CycleGan - Turn off training

morning all,

I was looking at a Keras cycleGan and they use the following parameters to deactivate training in the combined model of generator1 -> discriminator 1 -> generator ->2

def define_composite_model(g_model_1, d_model, g_model_2, image_shape):
	# ensure the model we're updating is trainable
	g_model_1.trainable = True
	# mark discriminator as not trainable
	d_model.trainable = False
	# mark other generator model as not trainable
	g_model_2.trainable = False
	# discriminator element

Would the equilant be:

g_model_2=g_model_2.train(mode=false)

where g_model_2 is defined by a class? if so why do i get the error message???

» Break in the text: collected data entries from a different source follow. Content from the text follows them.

Lemma diag_eqn_diag_sol N (w : C) : vanishes_below N (diag_eqn (\poly_(i < N) diag_sol w i)).
Proof.
case: N => [//|N]; rewrite poly_diag_sol //.
set G := \poly_(i < N.+1) _; set V := 1 + G *+ 6.
have eulerV : euler V = euler G *+ 6 by rewrite /V eulerD euler1 eulerMn add0r.
set E := euler (euler V) - V * V + V.
have E0 : vanishes_below N.+1 E.
  move=> m lt_mN; have -> : E = (euler (euler G) - (G + (G * G) *+ 6)) *+ 6.
    by rewrite /E eulerV eulerMn /V; ring.
  by rewrite coefMn euler2_poly_geometric // mul0rn.
(* [H] is a first integral of [E = 0]: [euler H = 6 euler V * E]. *)
set H := (euler V * euler V) *+ 3 - ((V * V * V) *+ 2 - (V * V) *+ 3 + 1).
have H0 : vanishes_below N.+1 H.
  case=> [_|m lt_mN].
    have V0 : V`_0 = 1 by rewrite /V coefD coef1 coefMn coef_poly mul0r mul0rn addr0.
    by rewrite /H !(coefB, coefD, coefMn) !coef0M !coef_euler !mul0r coef1 V0 /=; ring.
  have := vanishes_belowMl (euler V *+ 6) E0 lt_mN.
  have -> : euler V *+ 6 * E = euler H.
    by rewrite /H /E !(eulerB, eulerD, eulerMn, eulerM, euler1); ring.
  by rewrite coef_euler => /eqP; rewrite mulf_eq0 pnatr_eq0 => /eqP.
have -> : diag_eqn V = (V *+ 3) * E - H by rewrite /diag_eqn /E /H; ring.
by move=> m lt_mN; rewrite coefB (vanishes_belowMl _ E0) // H0 // subr0.
Qed.

End DiagEqnSolutions.

Section FormalDiagonals.
Variable R : realType.
Local Notation C := (R[i]).
Implicit Types (f g : coefs R) (u v : fterm R) (p q : {poly C}).

Definition subdiag f := forall k j, (k < `|j|)%N -> f k j = 0.

Definition diag_index (s : bool) k : int := if s then k%:Z else - k%:Z.

Definition diag_sign (s : bool) : C := if s then 1 else -1.

Definition diag_eqp N s f p := forall k, (k < N)%N -> f k (diag_index s k) = p`_k.

Lemma abs_diag_index s k : `|diag_index s k|%N = k.
Proof. by case: s; rewrite /diag_index ?abszN. Qed.

Lemma subdiag_cadd f g : subdiag f -> subdiag g -> subdiag (cadd f g).
Proof. by move=> fs gs k j lt_kj; rewrite /cadd fs ?gs ?addr0. Qed.

Lemma diag_eqp_cadd N s f g p q :
  diag_eqp N s f p -> diag_eqp N s g q -> diag_eqp N s (cadd f g) (p + q).
Proof. by move=> fp gq k lt_kN; rewrite coefD -fp -?gq. Qed.

Lemma subdiag_cmul f g : subdiag g -> subdiag (cmul f g).
Proof.
move=> gs k j lt_kj; rewrite /cmul big1 // => k1 _; rewrite big1 // => i _.
by rewrite gs ?mulr0 //; have := ltn_ord k1; have := ltn_ord i; lia.
Qed.

Lemma subdiag_tmul u v : subdiag v.2 -> subdiag (tmul u v).2.
Proof. exact: subdiag_cmul. Qed.

Lemma diag_cmul s f g k : subdiag g ->
  cmul f g k (diag_index s k)
  = \sum_(k1 < k.+1) f k1 (diag_index s k1) * g (k - k1)%N (diag_index s (k - k1)).
Proof.
move=> gs; rewrite /cmul; apply: eq_bigr => k1 _; have lt_k1k := ltn_ord k1.
case: s; rewrite /diag_index.
- rewrite big_ord_recr /= big1 ?add0r; first by congr (f _ _ * g _ _); lia.
  by move=> i _; rewrite gs ?mulr0 //; have := ltn_ord i; lia.
- rewrite big_ord_recl /= big1 ?addr0; first by congr (f _ _ * g _ _); lia.
  by move=> i _; rewrite gs ?mulr0 // /bump /=; have := ltn_ord i; lia.
Qed.

Lemma diag_eqp_cmul N s f g p q : subdiag g ->
  diag_eqp N s f p -> diag_eqp N s g q -> diag_eqp N s (cmul f g) (p * q).
Proof.
move=> gs fp gq k lt_kN; rewrite diag_cmul // coefM; apply: eq_bigr => i _.
by have := ltn_ord i => lt_ik; rewrite fp ?gq //; lia.
Qed.

Lemma subdiag_czshift n f : subdiag f -> subdiag (czshift n f).
Proof. by move=> fs k j lt_kj; rewrite /czshift; case: ifP => // _; apply: fs; lia. Qed.

Lemma diag_eqp_czshift0 N s f p : diag_eqp N s f p -> diag_eqp N s (czshift 0 f) p.
Proof. by move=> fp k lt_kN; rewrite -fp // /czshift /= subn0. Qed.

(* A positive shift in the power of [tau^(-1/3)] pushes the support strictly
   inside the cone [|j| <= k], hence off the diagonals. *)
Lemma diag_eqp_czshiftS N s n f : subdiag f -> diag_eqp N s (czshift n.+1 f) 0.
Proof.
move=> fs k lt_kN; rewrite coef0 /czshift; case: ifP => // le_nk.
by apply: fs; rewrite abs_diag_index; lia.
Qed.

Lemma diag_eqp_tadd N s u v p q : u.1 = v.1 ->
  diag_eqp N s u.2 p -> diag_eqp N s v.2 q -> diag_eqp N s (tadd u v).2 (p + q).
Proof.
move=> eq_uv up vq; rewrite /tadd /= eq_uv maxxx subrr /=.
by apply: diag_eqp_cadd; apply: diag_eqp_czshift0.
Qed.

Lemma diag_eqp_tadd_lt N s u v q : (u.1 < v.1)%R -> subdiag u.2 ->
  diag_eqp N s v.2 q -> diag_eqp N s (tadd u v).2 q.
Proof.
move=> lt_uv us vq; rewrite /tadd /=.
have -> : Num.max u.1 v.1 = v.1 by apply/max_idPr; apply: ltW.
rewrite subrr -[q]add0r; apply: diag_eqp_cadd; last exact: diag_eqp_czshift0.
case shift : `|v.1 - u.1|%N => [|n]; first by move: shift lt_uv; lia.
exact: diag_eqp_czshiftS.
Qed.

Lemma diag_eqp_tconst N s (x : C) : diag_eqp N s (tconst x).2 x%:P.
Proof. by move=> k _; rewrite coefC /=; case: k => [|k]; case: s. Qed.

Lemma subdiag_ttau : subdiag (ttau R).2.
Proof. by move=> k j lt_kj /=; case: ifP => // /andP[/eqP k0 /eqP j0]; lia. Qed.

Lemma diag_eqp_ttau N s : diag_eqp N s (ttau R).2 1.
Proof. by move=> k _; rewrite coef1 /=; case: k => [|k]; case: s. Qed.

Lemma subdiag_tderiv Th ka u : subdiag u.2 -> subdiag (tderiv Th ka u).2.
Proof.
move=> us k j lt_kj /=; rewrite us ?mulr0 ?add0r //; case: ifP => // _.
by rewrite us ?mulr0 //; lia.
Qed.

Definition diag_dcoef eps b s : C := 2%:R * 'i / 3%:R * Theta eps b ^+ 2 * diag_sign s.

(* On the diagonals only the oscillating factor [e^(i theta)] is differentiated;
   in the variable [x = tau^(-1/3) w^(+-1)] this is the Euler operator. *)
Lemma diag_eqp_tderiv N s eps b ka u p : subdiag u.2 -> diag_eqp N s u.2 p ->
  diag_eqp N s (tderiv (Theta eps b) ka u).2 ((diag_dcoef eps b s)%:P * euler p).
Proof.
move=> us up k lt_kN; rewrite /= [X in _ + X](_ : _ = 0); last first.
  by case: ifP => // le2k; rewrite us ?mulr0 // abs_diag_index; lia.
rewrite addr0 coefCM coef_euler -up // /diag_dcoef.
by case: s {up}; rewrite /diag_index /diag_sign ?mulrNz /=; ring.
Qed.

Definition diag_coefs s (a : nat -> int -> C) k := ucoef a k (diag_index s k).

Lemma subdiag_userie eps b a : subdiag (userie eps b a).2.
Proof.
move=> k j lt_kj /=; rewrite /ucoef; case: ifP => [/eqP k0|_].
  by case: ifP => [/eqP j0|_]; rewrite ?mulr0 //; move: lt_kj; rewrite j0 k0.
by rewrite leqNgt lt_kj /= mulr0.
Qed.

Lemma diag_eqp_userie N s eps b a :
  diag_eqp N s (userie eps b a).2 ((uprefactor eps b)%:P * \poly_(i < N) diag_coefs s a i).
Proof. by move=> k lt_kN; rewrite coefCM coef_poly lt_kN. Qed.

(* The terms [u u'] and [-2 a b u] carry the lower power [tau^(1/3)] and drop out. *)
Lemma diag_eqp_dP3 N s eps b acst kappa u p : u.1 = 1%Z ->
  subdiag u.2 -> diag_eqp N s u.2 p ->
  let c := (diag_dcoef eps b s)%:P in
  diag_eqp N s (dP3_formal eps b acst kappa u).2
    (p * (c * euler (c * euler p)) - (c * euler p) * (c * euler p)
     + (8%:R * RtoC eps)%:P * (p * p * p) - (RtoC (b ^+ 2))%:P).
Proof.
case: u => m f m1 us up c; rewrite /= in m1 us up; subst m; set u := (1%Z, f).
set D := tderiv (Theta eps b) kappa.
have s1 : subdiag (D u).2 by apply: subdiag_tderiv.
have e1 : diag_eqp N s (D u).2 (c * euler p) by apply: diag_eqp_tderiv.
have s2 : subdiag (D (D u)).2 by apply: subdiag_tderiv.
have e2 : diag_eqp N s (D (D u)).2 (c * euler (c * euler p)) by apply: diag_eqp_tderiv.
have -> : p * (c * euler (c * euler p)) - (c * euler p) * (c * euler p)
     + (8%:R * RtoC eps)%:P * (p * p * p) - (RtoC (b ^+ 2))%:P
   = 1 * (p * (c * euler (c * euler p)))
     + ((-1)%:P * (1 * ((c * euler p) * (c * euler p)))
     + ((8%:R * RtoC eps)%:P * (p * (p * p)) + (- RtoC (b ^+ 2))%:P * 1)).
  by rewrite !polyCN polyC1; ring.
rewrite /dP3_formal -/D.
apply: diag_eqp_tadd => //.
  apply: diag_eqp_cmul; [by repeat apply: subdiag_tmul | exact: diag_eqp_ttau |].
  exact: diag_eqp_cmul.
apply: diag_eqp_tadd => //.
  apply: diag_eqp_cmul; [by repeat apply: subdiag_tmul | exact: diag_eqp_tconst |].
  apply: diag_eqp_cmul; [by repeat apply: subdiag_tmul | exact: diag_eqp_ttau |].
  exact: diag_eqp_cmul.
apply: diag_eqp_tadd_lt => //; first exact: subdiag_tmul.
apply: diag_eqp_tadd => //.
  apply: diag_eqp_cmul; [by repeat apply: subdiag_tmul | exact: diag_eqp_tconst |].
  by apply: diag_eqp_cmul; [by repeat apply: subdiag_tmul | done | exact: diag_eqp_cmul].
apply: diag_eqp_tadd_lt => //; first exact: subdiag_tmul.
by apply: diag_eqp_cmul; [exact: subdiag_ttau | exact: diag_eqp_tconst | exact: diag_eqp_ttau].
Qed.

End FormalDiagonals.

Section DiagNormalization.
Variable R : realType.
Variables eps b : R.
Hypothesis eps_pm1 : eps = 1 \/ eps = -1.

Lemma RtoC_eps_sqr : RtoC eps ^+ 2 = 1.
Proof.
rewrite -[RtoC _]/(real_complex _ _) -rmorphXn.
by case: eps_pm1 => ->; rewrite ?sqrrN expr1n.
Qed.

Lemma root6_eps_b_pow12 : 6.-root (RtoC (eps * b)) ^+ 12 = RtoC (b ^+ 2).
Proof.
rewrite (_ : 12 = 6 * 2)%N // exprM rootCK // -[RtoC _]/(real_complex _ _) -rmorphXn.
by rewrite exprMn; case: eps_pm1 => ->; rewrite ?sqrrN expr1n mul1r.
Qed.

Lemma uprefactor_cube :
  8%:R * RtoC eps * (uprefactor eps b * uprefactor eps b * uprefactor eps b) = RtoC (b ^+ 2).
Proof.
rewrite -root6_eps_b_pow12 /uprefactor.
transitivity ((RtoC eps ^+ 2) ^+ 2 * 6.-root (RtoC (eps * b)) ^+ 12); first by field.
by rewrite RtoC_eps_sqr expr1n mul1r.
Qed.

Lemma diag_dcoef_uprefactor s :
  diag_dcoef eps b s * diag_dcoef eps b s * (uprefactor eps b * uprefactor eps b)
  = - (RtoC (b ^+ 2) *+ 3).
Proof.
rewrite -root6_eps_b_pow12 /diag_dcoef /uprefactor /Theta.
set r := 6.-root _; set q := 4.-root _.
have q4 : q ^+ 4 = 27%:R by rewrite rootCK.
have sign2 : diag_sign R s ^+ 2 = 1 by case: s; rewrite /diag_sign ?sqrrN expr1n.
transitivity ('i ^+ 2 * diag_sign R s ^+ 2 * RtoC eps ^+ 2 * q ^+ 4 * r ^+ 12 / 9%:R).
  by field.
by rewrite sqrCi sign2 RtoC_eps_sqr q4; field.
Qed.

End DiagNormalization.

TypeError: train() missing 1 required positional argument: ‘self’

thanks in advance.

Chaslie

Most likely model.train() is not corresponding to the trainable argument in Keras.
model.train() and model.eval() switches the behavior of some modules, e.g. it’ll disable dropout during eval and use the running stats in batchnorm layers.
If you want to freeze parameters, you can set param.requires_grad=False.
However, note that optimizers with running estimates or momentum can still update these parameters even if the gradient is zero.

Hi Ptrblck,

would

with torch.no_grad():

for that particuler training block work?

with torch.no_grad() would work, if you don’t need any gradients in parameters, which are used before this block, since the no_grad() guard would not create the computation graph for this section.

Here is a small example:

# setup
lin1 = nn.Linear(1, 1)
lin2 = nn.Linear(1, 1)
lin3 = nn.Linear(1, 1)

x = torch.randn(1, 1)

# case1
with torch.no_grad():
    out = lin1(x)
    out = lin2(out)
out = lin3(out)
out.mean().backward()

print(lin1.weight.grad, lin2.weight.grad, lin3.weight.grad)
> None None tensor([[-0.8122]])
lin1.zero_grad(), lin2.zero_grad(), lin3.zero_grad()

# case2
out = lin1(x)
with torch.no_grad():
    out = lin2(out)
out = lin3(out)
out.mean().backward()

print(lin1.weight.grad, lin2.weight.grad, lin3.weight.grad) # !!! lin1 doesn't have grads !!!
> None None tensor([[-0.8122]])
lin1.zero_grad(), lin2.zero_grad(), lin3.zero_grad()

# case3
for param in lin2.parameters():
    param.requires_grad = False

out = lin1(x)
out = lin2(out)
out = lin3(out)
out.mean().backward()
print(lin1.weight.grad, lin2.weight.grad, lin3.weight.grad)
> tensor([[-0.0768]]) None tensor([[-0.8122]])